Check the [link](https://www.statsmodels.org/stable/generated/statsmodels.tsa.stattools.grangercausalitytests.html) for the documentation of the Granger causality test. 

"The Null hypothesis for grangercausalitytests is that the time series in the second column, x2, does NOT Granger cause the time series in the first column, x1. Grange causality means that past values of x2 have a statistically significant effect on the current value of x1, taking past values of x1 into account as regressors. We reject the null hypothesis that x2 does not Granger cause x1 if the pvalues are below a desired size of the test.

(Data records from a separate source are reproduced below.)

(* Let $\mathrm{SNR}>0$, $C=\frac12\log(1+\mathrm{SNR})$, $R_{\mathrm{crit}}<R<C$, and $\theta=\theta(R)$. Define $$\beta^*=\frac{\cos^2\theta}{2}+\frac{\cos^2\theta}{2}\sqrt{1+\frac{4}{\mathrm{SNR}\cos^2\theta}}-1,\qquad r(\beta)=(1+\beta)\tan\theta.$$ Then $$\frac{\mathrm{SNR}\,(\beta^* )^2}{2}+E_h\big(r(\beta^* )^2\,\mathrm{SNR}\big)=E_{\mathrm{sp}}(R;\mathrm{SNR}).$$
   Context: Logarithms are natural. $\theta(R)\in(0,\pi/2]$ is defined by $\sin\theta(R)=e^{-R}$. $E_h(\mu)=\frac12(\mu-1-\log\mu)$ if $\mu\ge1$ and $E_h(\mu)=0$ otherwise. $R_{\mathrm{crit}}=\frac12\log\Big(\frac12+\frac{\mathrm{SNR}}4+\frac12\sqrt{1+\frac{\mathrm{SNR}^2}{4}}\Big)$. $E_{\mathrm{sp}}(R;\mathrm{SNR})=E_G(\beta_G,\rho_G)$ with $E_G(\beta,\rho)=\frac12\big[(1-\beta)(1+\rho)+\mathrm{SNR}+\rho\log\beta+\log(\beta-\frac{\mathrm{SNR}}{1+\rho})-2\rho R\big]$, $\beta_G=e^{2R}$, $\rho_G=\frac{\mathrm{SNR}}{2\beta_G}\Big(1+\sqrt{1+\frac{4\beta_G}{\mathrm{SNR}(\beta_G-1)}}\Big)-1$. *)

From Stdlib Require Import Reals Lra.
Open Scope R_scope.

Definition E_h (mu : R) : R :=
  if Rle_dec 1 mu then / 2 * (mu - 1 - ln mu) else 0.

Definition R_crit (SNR : R) : R :=
  / 2 * ln (/ 2 + SNR / 4 + / 2 * sqrt (1 + SNR ^ 2 / 4)).

Definition E_G (SNR Rt beta rho : R) : R :=
  / 2 * ((1 - beta) * (1 + rho) + SNR + rho * ln beta
         + ln (beta - SNR / (1 + rho)) - 2 * rho * Rt).

Definition beta_G (Rt : R) : R := exp (2 * Rt).

Definition rho_G (SNR Rt : R) : R :=
  SNR / (2 * beta_G Rt) *
    (1 + sqrt (1 + 4 * beta_G Rt / (SNR * (beta_G Rt - 1)))) - 1.

Definition E_sp (Rt SNR : R) : R := E_G SNR Rt (beta_G Rt) (rho_G SNR Rt).

Definition capacity (SNR : R) : R := / 2 * ln (1 + SNR).

Definition beta_star (SNR theta : R) : R :=
  (cos theta) ^ 2 / 2
  + (cos theta) ^ 2 / 2 * sqrt (1 + 4 / (SNR * (cos theta) ^ 2)) - 1.

Definition r_fun (theta beta : R) : R := (1 + beta) * tan theta.

From Stdlib Require Import Reals Lra.
Open Scope R_scope.

(* Write c2 = cos^2 theta and Q = sqrt (1 + 4 / (SNR c2)), so that
   SNR c2 (Q^2 - 1) = 4.  Since sin theta = exp (-R), Gallager's parameter
   beta_G = exp (2R) equals 1 / (1 - c2), and the square root occurring in
   rho_G is the same Q.  Hence every quantity of the statement is a rational
   function of (SNR, c2, Q):
     beta_star = c2 (1 + Q) / 2 - 1,   rho_G = SNR (1 - c2) (1 + Q) / 2 - 1,
     mu := r(beta_star)^2 SNR = (1 - c2) (1 + Q) / (Q - 1).
   In these coordinates beta_G - SNR / (1 + rho_G) = 1 / mu, which turns the
   logarithmic terms of E_sp into - ln mu (the rho ln beta term cancels
   against 2 rho R), and the remaining polynomial parts agree by the
   "energy balance" identity SNR beta_star^2 + mu - 1 = (1 - beta)(1 + rho) + SNR.
   Finally R < C gives beta_G < 1 + SNR, which is exactly mu >= 1, so E_h is
   on its non-trivial branch; R > R_crit is only used through R_crit > 0.
   The file first reduces E_h and E_G, then proves the identities in the
   (SNR, c2, Q) coordinates, then links them to theta, R and SNR. *)

Lemma E_h_ge_1 (mu : R) : 1 <= mu -> E_h mu = / 2 * (mu - 1 - ln mu).
Proof. intro Hmu; unfold E_h; destruct (Rle_dec 1 mu); [reflexivity | lra]. Qed.

Lemma E_G_at_tangent_point (SNR Rt beta rho mu : R) :
  ln beta = 2 * Rt -> beta - SNR / (1 + rho) = / mu -> 0 < mu ->
  E_G SNR Rt beta rho = / 2 * ((1 - beta) * (1 + rho) + SNR - ln mu).
Proof.
  intros Hln Hgap Hmu; unfold E_G.
  rewrite Hln, Hgap, ln_Rinv by exact Hmu; ring.
Qed.

Lemma R_crit_pos (SNR : R) : 0 < SNR -> 0 < R_crit SNR.
Proof.
  intro hSNR; unfold R_crit.
  assert (Hsq : 1 <= sqrt (1 + SNR ^ 2 / 4)).
  { rewrite <- sqrt_1 at 1; apply sqrt_le_1_alt; pose proof (pow2_ge_0 SNR); lra. }
  assert (0 < ln (/ 2 + SNR / 4 + / 2 * sqrt (1 + SNR ^ 2 / 4))).
  { rewrite <- ln_1; apply ln_increasing; lra. }
  lra.
Qed.

Section TangentPointAlgebra.

(* c2 plays the role of cos^2 theta and Q that of sqrt (1 + 4 / (SNR c2)). *)
Variables SNR c2 Q : R.
Hypotheses (hSNR : 0 < SNR) (hc2 : 0 < c2 < 1) (hQ : 1 < Q).

(* Gallager's beta = exp (2R) = 1 / sin^2 theta. *)
Definition gal_beta : R := / (1 - c2).
(* Gallager's rho, written as in rho_G with the square root replaced by Q. *)
Definition gal_rho : R := SNR / (2 * gal_beta) * (1 + Q) - 1.
Definition shift : R := c2 * (1 + Q) / 2 - 1.
(* The argument r(beta_star)^2 SNR of E_h, in closed form. *)
Definition mu : R := (1 - c2) * (1 + Q) / (Q - 1).

Lemma mu_pos : 0 < mu.
Proof. unfold mu; apply Rdiv_lt_0_compat; nra. Qed.

Lemma gap_eq_inv_mu : gal_beta - SNR / (1 + gal_rho) = / mu.
Proof.
  assert (0 < SNR * (1 - c2) * (1 + Q)) by (repeat apply Rmult_lt_0_compat; lra).
  unfold gal_rho, gal_beta, mu.
  field; repeat split; lra.
Qed.

Hypothesis hQSNR : SNR * c2 * (Q ^ 2 - 1) = 4.

Lemma energy_balance :
  SNR * shift ^ 2 + mu - 1 = (1 - gal_beta) * (1 + gal_rho) + SNR.
Proof.
  assert (HSNR : SNR = 4 / (c2 * (Q ^ 2 - 1))).
  { rewrite <- hQSNR; field; split; nra. }
  unfold shift, mu, gal_rho, gal_beta; rewrite HSNR.
  field; repeat split; nra.
Qed.

(* The capacity condition beta < 1 + SNR puts mu on the branch mu >= 1:
   both are equivalent to c2 Q < 2 - c2. *)
Lemma mu_ge_1 : gal_beta < 1 + SNR -> 1 <= mu.
Proof.
  unfold gal_beta, mu; intro Hcap.
  assert (Hc2 : c2 < SNR * (1 - c2)).
  { apply (Rmult_lt_compat_r (1 - c2)) in Hcap; [|lra].
    rewrite Rinv_l in Hcap by lra; nra. }
  assert (HcQ : c2 * Q < 2 - c2).
  { assert (c2 * c2 * (Q ^ 2 - 1) < 4 * (1 - c2)) by nra.
    nra. }
  apply (Rmult_le_reg_r (Q - 1)); [lra|].
  unfold Rdiv; rewrite Rmult_assoc, Rinv_l by lra; nra.
Qed.

End TangentPointAlgebra.

Lemma sqrt_param_spec (SNR c2 : R) : 0 < SNR -> 0 < c2 ->
  let Q := sqrt (1 + 4 / (SNR * c2)) in
  1 < Q /\ SNR * c2 * (Q ^ 2 - 1) = 4.
Proof.
  intros hSNR hc2 Q.
  assert (Hpos : 0 < 4 / (SNR * c2)) by (apply Rdiv_lt_0_compat; nra).
  split.
  - unfold Q; rewrite <- sqrt_1 at 1; apply sqrt_lt_1_alt; lra.
  - unfold Q; rewrite <- Rsqr_pow2, Rsqr_sqrt by lra; field; lra.
Qed.

Lemma beta_G_of_sin (Rt theta : R) : sin theta = exp (- Rt) ->
  beta_G Rt = gal_beta (cos theta ^ 2).
Proof.
  intro hsin; unfold beta_G, gal_beta.
  assert (Hs : 1 - cos theta ^ 2 = exp (- Rt) ^ 2).
  { rewrite <- hsin; pose proof (sin2_cos2 theta); unfold Rsqr in *; nra. }
  rewrite Hs, <- pow_inv, <- exp_Ropp, Ropp_involutive; simpl.
  rewrite Rmult_1_r, <- exp_plus; f_equal; ring.
Qed.

Lemma cos_sq_bounds (Rt theta : R) : 0 < Rt -> sin theta = exp (- Rt) ->
  0 < cos theta ^ 2 < 1.
Proof.
  intros hRt hsin.
  assert (Hs0 : 0 < sin theta) by (rewrite hsin; apply exp_pos).
  assert (Hs1 : sin theta < 1).
  { rewrite hsin, <- exp_0; apply exp_increasing; lra. }
  pose proof (sin2_cos2 theta); unfold Rsqr in *; nra.
Qed.

Lemma beta_G_lt_capacity (SNR Rt : R) : 0 < SNR -> Rt < capacity SNR ->
  beta_G Rt < 1 + SNR.
Proof.
  intros hSNR hR; unfold beta_G, capacity in *.
  rewrite <- (exp_ln (1 + SNR)) by lra; apply exp_increasing; lra.
Qed.

Lemma rho_G_eq (SNR Rt c2 : R) : 0 < SNR -> 0 < c2 < 1 ->
  beta_G Rt = gal_beta c2 ->
  rho_G SNR Rt = gal_rho SNR c2 (sqrt (1 + 4 / (SNR * c2))).
Proof.
  intros hSNR hc2 hbeta; unfold rho_G, gal_rho; rewrite hbeta.
  replace (4 * gal_beta c2 / (SNR * (gal_beta c2 - 1))) with (4 / (SNR * c2));
    [reflexivity|].
  unfold gal_beta; field; repeat split; nra.
Qed.

Lemma beta_star_eq (SNR theta : R) :
  beta_star SNR theta =
  shift (cos theta ^ 2) (sqrt (1 + 4 / (SNR * cos theta ^ 2))).
Proof. unfold beta_star, shift; field. Qed.

Lemma r_fun_sq_eq (SNR theta Q : R) : cos theta <> 0 -> 1 < Q ->
  SNR * cos theta ^ 2 * (Q ^ 2 - 1) = 4 ->
  r_fun theta (shift (cos theta ^ 2) Q) ^ 2 * SNR = mu (cos theta ^ 2) Q.
Proof.
  intros hc hQ hQSNR.
  assert (HSNR : SNR = 4 / (cos theta ^ 2 * (Q ^ 2 - 1))).
  { rewrite <- hQSNR; field; split; [nra | exact hc]. }
  assert (Hs : sin theta ^ 2 = 1 - cos theta ^ 2).
  { pose proof (sin2_cos2 theta); unfold Rsqr in *; nra. }
  unfold r_fun, shift, mu, tan; rewrite HSNR, <- Hs.
  field; repeat split; auto; nra.
Qed.

Lemma tangent_point_identity (SNR Rt c2 Q : R) :
  0 < SNR -> 0 < c2 < 1 -> 1 < Q -> SNR * c2 * (Q ^ 2 - 1) = 4 ->
  ln (gal_beta c2) = 2 * Rt -> gal_beta c2 < 1 + SNR ->
  SNR * shift c2 Q ^ 2 / 2 + E_h (mu c2 Q)
  = E_G SNR Rt (gal_beta c2) (gal_rho SNR c2 Q).
Proof.
  intros hSNR hc2 hQ hQSNR hln hcap.
  rewrite (E_G_at_tangent_point SNR Rt _ _ (mu c2 Q)), E_h_ge_1.
  - rewrite <- energy_balance by assumption; field.
  - apply (mu_ge_1 SNR); assumption.
  - exact hln.
  - apply gap_eq_inv_mu; assumption.
  - apply mu_pos; assumption.
Qed.

Theorem mainTheorem3 (SNR Rt theta : R)
  (hSNR : 0 < SNR)
  (hR1 : R_crit SNR < Rt) (hR2 : Rt < capacity SNR)
  (htheta : 0 < theta <= PI / 2) (hsin : sin theta = exp (- Rt)) :
  SNR * (beta_star SNR theta) ^ 2 / 2
    + E_h ((r_fun theta (beta_star SNR theta)) ^ 2 * SNR)
  = E_sp Rt SNR.
Proof.
  assert (hRt : 0 < Rt) by (pose proof (R_crit_pos SNR hSNR); lra).
  pose proof (cos_sq_bounds Rt theta hRt hsin) as hc2.
  assert (hc : cos theta <> 0) by (intro H0; rewrite H0 in hc2; simpl in hc2; lra).
  pose proof (beta_G_of_sin Rt theta hsin) as hbeta.
  destruct (sqrt_param_spec SNR (cos theta ^ 2) hSNR (proj1 hc2)) as [hQ hQSNR].
  unfold E_sp; rewrite beta_star_eq, r_fun_sq_eq by assumption.
  rewrite (rho_G_eq SNR Rt (cos theta ^ 2)), hbeta by assumption.
  apply tangent_point_identity; try assumption.
  - rewrite <- hbeta; apply ln_exp.
  - rewrite <- hbeta; exact (beta_G_lt_capacity SNR Rt hSNR hR2).
Qed.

The null hypothesis for all four test is that the coefficients corresponding to past values of the second time series are zero."


In [11]:
granger_res = grangercausalitytests(df1, maxlag = 18)


Granger Causality
number of lags (no zero) 1
ssr based F test:         F=6.1781  , p=0.0137  , df_denom=223, df_num=1
ssr based chi2 test:   chi2=6.2612  , p=0.0123  , df=1
likelihood ratio test: chi2=6.1761  , p=0.0129  , df=1
parameter F test:         F=6.1781  , p=0.0137  , df_denom=223, df_num=1

Granger Causality
number of lags (no zero) 2
ssr based F test:         F=4.9160  , p=0.0082  , df_denom=220, df_num=2
ssr based chi2 test:   chi2=10.0555 , p=0.0066  , df=2
likelihood ratio test: chi2=9.8373  , p=0.0073  , df=2
parameter F test:         F=4.9160  , p=0.0082  , df_denom=220, df_num=2

Granger Causality
number of lags (no zero) 3
ssr based F test:         F=3.4458  , p=0.0176  , df_denom=217, df_num=3
ssr based chi2 test:   chi2=10.6710 , p=0.0136  , df=3
likelihood ratio test: chi2=10.4246 , p=0.0153  , df=3
parameter F test:         F=3.4458  , p=0.0176  , df_denom=217, df_num=3

Granger Causality
number of lags (no zero) 4
ssr based F test:         F=2.8964  , p=0.0230  

p-values are statistically significant up to certain lag. 

In [12]:
granger_res_rev= grangercausalitytests(df1[reversed(cols)], maxlag = 18)


Granger Causality
number of lags (no zero) 1
ssr based F test:         F=11.9872 , p=0.0006  , df_denom=223, df_num=1
ssr based chi2 test:   chi2=12.1485 , p=0.0005  , df=1
likelihood ratio test: chi2=11.8332 , p=0.0006  , df=1
parameter F test:         F=11.9872 , p=0.0006  , df_denom=223, df_num=1

Granger Causality
number of lags (no zero) 2
ssr based F test:         F=5.4010  , p=0.0051  , df_denom=220, df_num=2
ssr based chi2 test:   chi2=11.0476 , p=0.0040  , df=2
likelihood ratio test: chi2=10.7849 , p=0.0046  , df=2
parameter F test:         F=5.4010  , p=0.0051  , df_denom=220, df_num=2

Granger Causality
number of lags (no zero) 3
ssr based F test:         F=4.8793  , p=0.0026  , df_denom=217, df_num=3
ssr based chi2 test:   chi2=15.1100 , p=0.0017  , df=3
likelihood ratio test: chi2=14.6221 , p=0.0022  , df=3
parameter F test:         F=4.8793  , p=0.0026  , df_denom=217, df_num=3

Granger Causality
number of lags (no zero) 4
ssr based F test:         F=3.1513  , p=0.0152  

reversed granger causality is more statistically significant for all the lags we look for! We should think of Granger causality is actually as a test of causality, rather it is a test of forecasting ability. From the results above, we can say that certain lagged values of the GDPGrowth can be used as input features to predict Term Spread!